Another strategy would be to configure the <autocommit><maxtime>
properties to a large value and use the autoSoftCommit
property for short-time commits to disk. Soft commits are faster as the commit is not synced to disk. Soft commits are used to enable near real time search.
We can also use the commitWithin
tag instead of the autoSoftCommit
tag. The former forces documents to be added to Solr via soft commit at certain intervals of time. The commitWithin
tag can also be used with hard commits via the following configuration:
<commitWithin><softCommit>false</softCommit></commitWithin>
Avoid using the autoSoftCommit
/ autoCommit
/ commitWithin
tags while adding bulk documents as it has a major performance impact.
Using better hardware
Indexing involves lots of disk I/O. Therefore, it can be improved by using a local file system instead of a remote file system. Also, using better hardware with higher IO capability, such as Solid State Drive (SSD), can improve writes and speed up the indexing process.
Distributed indexing
When dealing with large amounts of data to be indexed, in addition to speeding up the indexing process, we can work on distributed indexing.
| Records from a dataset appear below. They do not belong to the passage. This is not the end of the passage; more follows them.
(* Let $p\geq 2$ be an integer, $n=2^p-1$, and let $s$ be an integer with $s\geq 3\cdot 2^{p-2}$. Then there exists a perfect code in the graph $\Gamma_n(1^s)$.
   Context: The $n$-cube $Q_n$ is the graph whose vertex set is the set $\mathbb{B}_n$ of binary strings of length $n$, two strings being adjacent if they differ in exactly one position. For an integer $s\ge 1$, $\Gamma_n(1^s)$ is the subgraph of $Q_n$ induced by the binary strings of length $n$ that do not contain $1^s$ (the string of $s$ consecutive 1's) as a substring, where $\bm{f}$ is a substring of $\bm{s}$ if $\bm{s}=\bm{x}\bm{f}\bm{y}$ for some (possibly empty) strings $\bm{x},\bm{y}$. A perfect code in a graph $G$ is a set $C$ of vertices such that every vertex of $G$ lies in the closed neighbourhood $N[c]=\{v: d_G(c,v)\le 1\}$ of exactly one vertex $c\in C$ (equivalently, $C$ is a dominating set of $G$ and any two distinct elements of $C$ are at distance at least $3$ in $G$). *)

From mathcomp Require Import all_boot.
Set Implicit Arguments. Unset Strict Implicit. Unset Printing Implicit Defensive.

Definition bstring (n : nat) := (n.-tuple bool).

Definition hamming (n : nat) (x y : bstring n) : nat :=
  count id [seq a.1 != a.2 | a <- zip (val x) (val y)].

Definition cube_adj (n : nat) (x y : bstring n) : bool := hamming x y == 1.

Definition substring (f w : seq bool) : bool := infix f w.

Definition gamma_vert (n s : nat) : pred (bstring n) :=
  fun x => ~~ substring (nseq s true) (val x).

Definition gamma_adj (n s : nat) (x y : bstring n) : bool :=
  [&& gamma_vert s x, gamma_vert s y & cube_adj x y].

Definition gamma_closed_nbhd (n s : nat) (c : bstring n) : pred (bstring n) :=
  fun v => gamma_vert s v && ((v == c) || gamma_adj s c v).

Definition perfect_code_gamma (n s : nat) (C : {set bstring n}) : Prop :=
  (forall c, c \in C -> gamma_vert s c) /\
  (forall v, gamma_vert s v ->
     #|[set c in C | gamma_closed_nbhd s c v]| = 1).

(** The binary words of length n = 2^p - 1 whose syndrome (the xor of the
    positions of their ones) equals a fixed r < 2^p form a coset of the
    Hamming code, hence a perfect code of the cube Q_n.  Take r = 2^(p-2).
    Bit p-2 of the Gray code of m is set exactly when
    2^(p-2) <= m < 3 * 2^(p-2), and the Gray code commutes with xor, so this
    bit of the syndrome of c is the parity of the ones of c in that window of
    2^(p-1) positions.  A run of s >= 3 * 2^(p-2) ones covers the whole
    window, giving even parity, whereas the Gray bit of r is set: the code
    avoids 1^s, and a perfect code of Q_n lying inside Gamma_n(1^s) is a
    perfect code of Gamma_n(1^s). *)
From Stdlib Require Import PeanoNat Lia.
From HB Require Import structures.
From mathcomp Require Import all_boot zify.
Set Implicit Arguments. Unset Strict Implicit. Unset Printing Implicit Defensive.

HB.instance Definition _ := Monoid.isComLaw.Build nat 0 Nat.lxor
  (fun a b c => esym (Nat.lxor_assoc a b c)) Nat.lxor_comm Nat.lxor_0_l.

Lemma lxorKl a b : Nat.lxor a (Nat.lxor a b) = b.
Proof. by rewrite -Nat.lxor_assoc Nat.lxor_nilpotent Nat.lxor_0_l. Qed.

Lemma natpowE a b : Nat.pow a b = a ^ b.
Proof. by elim: b => // b IH; rewrite expnS /= IH. Qed.

Lemma lxor_ltn_pow2 p a b : a < 2 ^ p -> b < 2 ^ p -> Nat.lxor a b < 2 ^ p.
Proof.
have pos : Nat.pow 2 p <> 0 by rewrite natpowE; have := expn_gt0 2 p; lia.
rewrite -!natpowE => /ltP lt_a /ltP lt_b; apply/ltP.
apply/(Nat.div_small_iff _ _ pos).
rewrite -Nat.shiftr_div_pow2 Nat.shiftr_lxor !Nat.shiftr_div_pow2.
by rewrite !(proj2 (Nat.div_small_iff _ _ pos)).
Qed.

Lemma testbit_odd m q : Nat.testbit m q = odd (m %/ 2 ^ q).
Proof.
have oddE k : Nat.odd k = odd k.
  by elim/ltn_ind: k => -[|[|k]] // IH; rewrite Nat.odd_succ_succ IH //= negbK.
rewrite Nat.testbit_odd Nat.shiftr_div_pow2 oddE natpowE; congr odd.
symmetry; apply: (Nat.div_unique _ _ _ (m %% 2 ^ q)).
  by apply/ltP; rewrite ltn_mod expn_gt0.
by rewrite {1}(divn_eq m (2 ^ q)) mulnC.
Qed.

(** Bit [q] of the Gray code [m xor (m / 2)] of [m]. *)
Definition gray_bit q m := Nat.testbit m q.+1 (+) Nat.testbit m q.

Lemma gray_bit_lxor q a b :
  gray_bit q (Nat.lxor a b) = gray_bit q a (+) gray_bit q b.
Proof.
rewrite /gray_bit !Nat.lxor_spec.
by case: (Nat.testbit a q.+1) (Nat.testbit a q) (Nat.testbit b q.+1)
  (Nat.testbit b q) => [] [] [] [].
Qed.

Lemma gray_bit0 q : gray_bit q 0 = false.
Proof. by rewrite /gray_bit !Nat.bits_0. Qed.

Lemma gray_bit_window q m : m < 2 ^ q.+2 ->
  gray_bit q m = (2 ^ q <= m < 3 * 2 ^ q).
Proof.
have pos : 0 < 2 ^ q by rewrite expn_gt0.
rewrite !expnSr -mulnA mulnC -ltn_divLR // => lt_m4.
have -> : 2 ^ q <= m = (0 < m %/ 2 ^ q) by rewrite leq_divRL // mul1n.
rewrite /gray_bit !testbit_odd expnSr divnMA -ltn_divLR //.
by case: (m %/ 2 ^ q) lt_m4 => [|[|[|[|k]]]].
Qed.

Lemma count_iota_window a b n :
  count (fun i => a <= i < b) (iota 0 n) = minn b n - a.
Proof.
elim: n => [|n IH]; first by rewrite minn0.
by rewrite -addn1 iotaD count_cat IH /= add0n addn0; case: ltnP; lia.
Qed.

Lemma card_ord_window n a b :
  #|[pred i : 'I_n | a <= i < b]| = minn b n - a.
Proof.
by rewrite -count_iota_window -val_enum_ord count_map -size_filter enumT cardE.
Qed.

Lemma infix_nseq_nth (T : eqType) s (b b' : T) (x : seq T) i :
  infix (nseq s b) x -> size x - s <= i < s -> nth b' x i = b.
Proof.
case/infixP => [x1 [x2 ->]]; rewrite !size_cat size_nseq => /andP [lb ub].
have le_x1 : size x1 <= i by lia.
have lt_run : i - size x1 < s by lia.
by rewrite nth_cat ltnNge le_x1 nth_cat size_nseq lt_run nth_nseq lt_run.
Qed.

Section Cube.
Variable n : nat.
Implicit Types x y v c : bstring n.

Lemma hammingE x y : hamming x y = #|[pred i | tnth x i != tnth y i]|.
Proof.
rewrite /hamming.
have enum_tuple (z : bstring n) : val z = [seq tnth z i | i <- enum 'I_n].
  by rewrite map_tnth_enum.
rewrite !enum_tuple zip_map -map_comp count_map cardE /enum_mem size_filter count_filter.
by apply: eq_count => i /=; rewrite andbT.
Qed.

Definition flip x (j : 'I_n) : bstring n := [tuple tnth x i (+) (i == j) | i < n].

Lemma hamming_flip x j : hamming (flip x j) x = 1.
Proof.
rewrite hammingE; apply: (@eq_card1 _ j) => i; rewrite !inE tnth_mktuple.
by case: (tnth x i) (i == j) => [] [].
Qed.

Lemma hamming_leq1P x y : hamming x y <= 1 -> x = y \/ exists j, x = flip y j.
Proof.
rewrite hammingE.
case: (pickP [pred i | tnth x i != tnth y i]) => [j /= neq_j | eq_xy _]; last first.
  by left; apply: eq_from_tnth => i; apply/eqP/negbFE/eq_xy.
rewrite (cardD1 j) inE /= neq_j add1n ltnS leqn0 => /eqP/card0_eq eq_but_j.
right; exists j; apply: eq_from_tnth => i; rewrite tnth_mktuple.
have [-> | neq_ij] := eqVneq i j; first by move: neq_j; case: (tnth x j) (tnth y j) => [] [].
by have := eq_but_j i; rewrite !inE neq_ij => /negbFE/eqP ->; rewrite addbF.
Qed.

Lemma cube_nbhdP x y :
  (y == x) || cube_adj x y -> x = y \/ exists j, x = flip y j.
Proof.
case/orP => [/eqP -> | /eqP dist1]; first by left.
by apply: hamming_leq1P; rewrite dist1.
Qed.

Definition cube_perfect_code (C : {set bstring n}) :=
  forall v, #|[set c in C | (v == c) || cube_adj c v]| = 1.

Lemma perfect_code_gamma_cube s (C : {set bstring n}) :
  (forall c, c \in C -> gamma_vert s c) -> cube_perfect_code C ->
  perfect_code_gamma s C.
Proof.
move=> C_gamma C_perfect; split=> // v v_gamma; rewrite -(C_perfect v).
apply: eq_card => c; rewrite !inE /gamma_closed_nbhd /gamma_adj v_gamma.
by case C_c: (c \in C); rewrite //= C_gamma.
Qed.

Definition syndrome x : nat :=
  \big[Nat.lxor/0]_(i < n) (if tnth x i then i.+1 else 0).

Lemma syndrome_flip x j : syndrome (flip x j) = Nat.lxor (syndrome x) j.+1.
Proof.
rewrite /syndrome (bigD1 j) //= [in RHS](bigD1 j) //= tnth_mktuple eqxx.
rewrite (eq_bigr (fun i => if tnth x i then i.+1 else 0)); last first.
  by move=> i /negbTE neq_ij; rewrite tnth_mktuple neq_ij addbF.
rewrite [RHS]Nat.lxor_assoc [in RHS](Nat.lxor_comm _ j.+1) -Nat.lxor_assoc.
by case: (tnth x j); rewrite /= ?Nat.lxor_nilpotent ?Nat.lxor_0_l.
Qed.

Lemma syndrome_ltn p x : n < 2 ^ p -> syndrome x < 2 ^ p.
Proof.
move=> lt_n; apply: (big_ind (fun m => m < 2 ^ p)); first by rewrite expn_gt0.
  exact: lxor_ltn_pow2.
by move=> i _; case: (tnth x i); [apply: leq_ltn_trans lt_n | rewrite expn_gt0].
Qed.

Lemma gray_bit_syndrome q x : n < 2 ^ q.+2 ->
  gray_bit q (syndrome x) =
  odd #|[pred i : 'I_n | tnth x i && (2 ^ q <= i.+1 < 3 * 2 ^ q)]|.
Proof.
move=> lt_n; rewrite /syndrome (big_morph _ (gray_bit_lxor q) (gray_bit0 q)).
rewrite -sum1_card (big_morph _ oddD (erefl false : odd 0 = false)) [RHS]big_mkcond.
apply: eq_bigr => i _; rewrite inE; case: (tnth x i); last by rewrite gray_bit0.
by rewrite gray_bit_window ?(leq_ltn_trans _ lt_n) //; case: (_ && _).
Qed.

End Cube.

Lemma hamming_coset_perfect p r : r < 2 ^ p ->
  cube_perfect_code [set c : bstring (2 ^ p - 1) | syndrome c == r].
Proof.
move=> lt_r v; have lt_n : 2 ^ p - 1 < 2 ^ p by rewrite subn1 prednK ?expn_gt0.
(* The only candidate is v itself (if t = 0) or v flipped at position t. *)
set t := Nat.lxor (syndrome v) r.
have near_coset c : ((v == c) || cube_adj c v) && (syndrome c == r) ->
    (c = v /\ t = 0) \/ exists2 j, c = flip v j & t = j.+1.
  case/andP => /cube_nbhdP [-> /eqP syn_v | [j ->]].
    by left; rewrite /t -syn_v Nat.lxor_nilpotent.
  by rewrite syndrome_flip => /eqP syn_c; right; exists j; rewrite // /t -syn_c lxorKl.
have [t0 | t_pos] := eqVneq t 0.
  apply: (@eq_card1 _ v) => c; rewrite !inE andbC.
  apply/idP/eqP => [/near_coset [[] // | [j _ tj]] | ->]; first by rewrite tj in t0.
  by rewrite eqxx (Nat.lxor_eq _ _ t0) eqxx.
have lt_t : t.-1 < 2 ^ p - 1.
  by move: (lxor_ltn_pow2 (syndrome_ltn v lt_n) lt_r) t_pos; rewrite -/t; lia.
apply: (@eq_card1 _ (flip v (Ordinal lt_t))) => c; rewrite !inE andbC.
apply/idP/eqP => [/near_coset [[_ t0] | [j -> tj]] | ->]; first by rewrite t0 in t_pos.
  by congr flip; apply: val_inj; rewrite /= tj.
rewrite syndrome_flip /= prednK ?lt0n // lxorKl eqxx andbT.
by rewrite /cube_adj hamming_flip orbT.
Qed.

Lemma syndrome_pow2_gamma_vert q s (c : bstring (2 ^ q.+2 - 1)) :
  3 * 2 ^ q <= s -> syndrome c = 2 ^ q -> gamma_vert s c.
Proof.
set L := 2 ^ q; have L_pos : 0 < L by rewrite expn_gt0.
have lt_n : 2 ^ q.+2 - 1 < 2 ^ q.+2 by rewrite subn1 prednK ?expn_gt0.
have size_c : size c = 4 * L - 1 by rewrite size_tuple !expnS mulnA.
move=> le_s syn_c; apply/negP => run.
have window_ones (i : 'I_(2 ^ q.+2 - 1)) : L <= i.+1 < 3 * L -> tnth c i.
  by move=> w_i; rewrite (tnth_nth false) (infix_nseq_nth _ run) // size_c; lia.
have window_card :
    #|[pred i : 'I_(2 ^ q.+2 - 1) | tnth c i && (L <= i.+1 < 3 * L)]| = 2 * L.
  rewrite (eq_card (B := [pred i : 'I_(2 ^ q.+2 - 1) | L.-1 <= i < (3 * L).-1])) => [|i].
    by rewrite card_ord_window; move: size_c; rewrite size_tuple => ->; lia.
  rewrite !inE; apply/andP/idP => [[_ w_i] | w_i]; first lia.
  by split; [apply: window_ones |]; lia.
have := gray_bit_syndrome c lt_n.
by rewrite syn_c window_card gray_bit_window ?ltn_exp2l // leqnn ltn_Pmull // oddM.
Qed.

Theorem corollary3 (p s : nat) (hp : 2 <= p) (hs : 3 * 2 ^ (p - 2) <= s) :
  exists C : {set bstring (2 ^ p - 1)}, perfect_code_gamma s C.
Proof.
case: p hp hs => [|[|q]] // _; rewrite !subSS subn0 => hs.
exists [set c : bstring (2 ^ q.+2 - 1) | syndrome c == 2 ^ q].
apply: perfect_code_gamma_cube.
  by move=> c; rewrite inE => /eqP; apply: syndrome_pow2_gamma_vert.
by apply: hamming_coset_perfect; rewrite ltn_exp2l.
Qed.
Distributed indexing can be done by creating multiple indexes on different machines and finally merging them into a single, large index. Even better would be to create the separate indexes on different Solr machines and use Solr sharding to query the indexes across multiple shards.
For example, an index of 10 million products can be broken into smaller chunks based on the product ID and can be indexed over 10 machines, with each indexing a million products. While searching, we can add these 10 Solr servers as shards and distribute our search queries over these machines.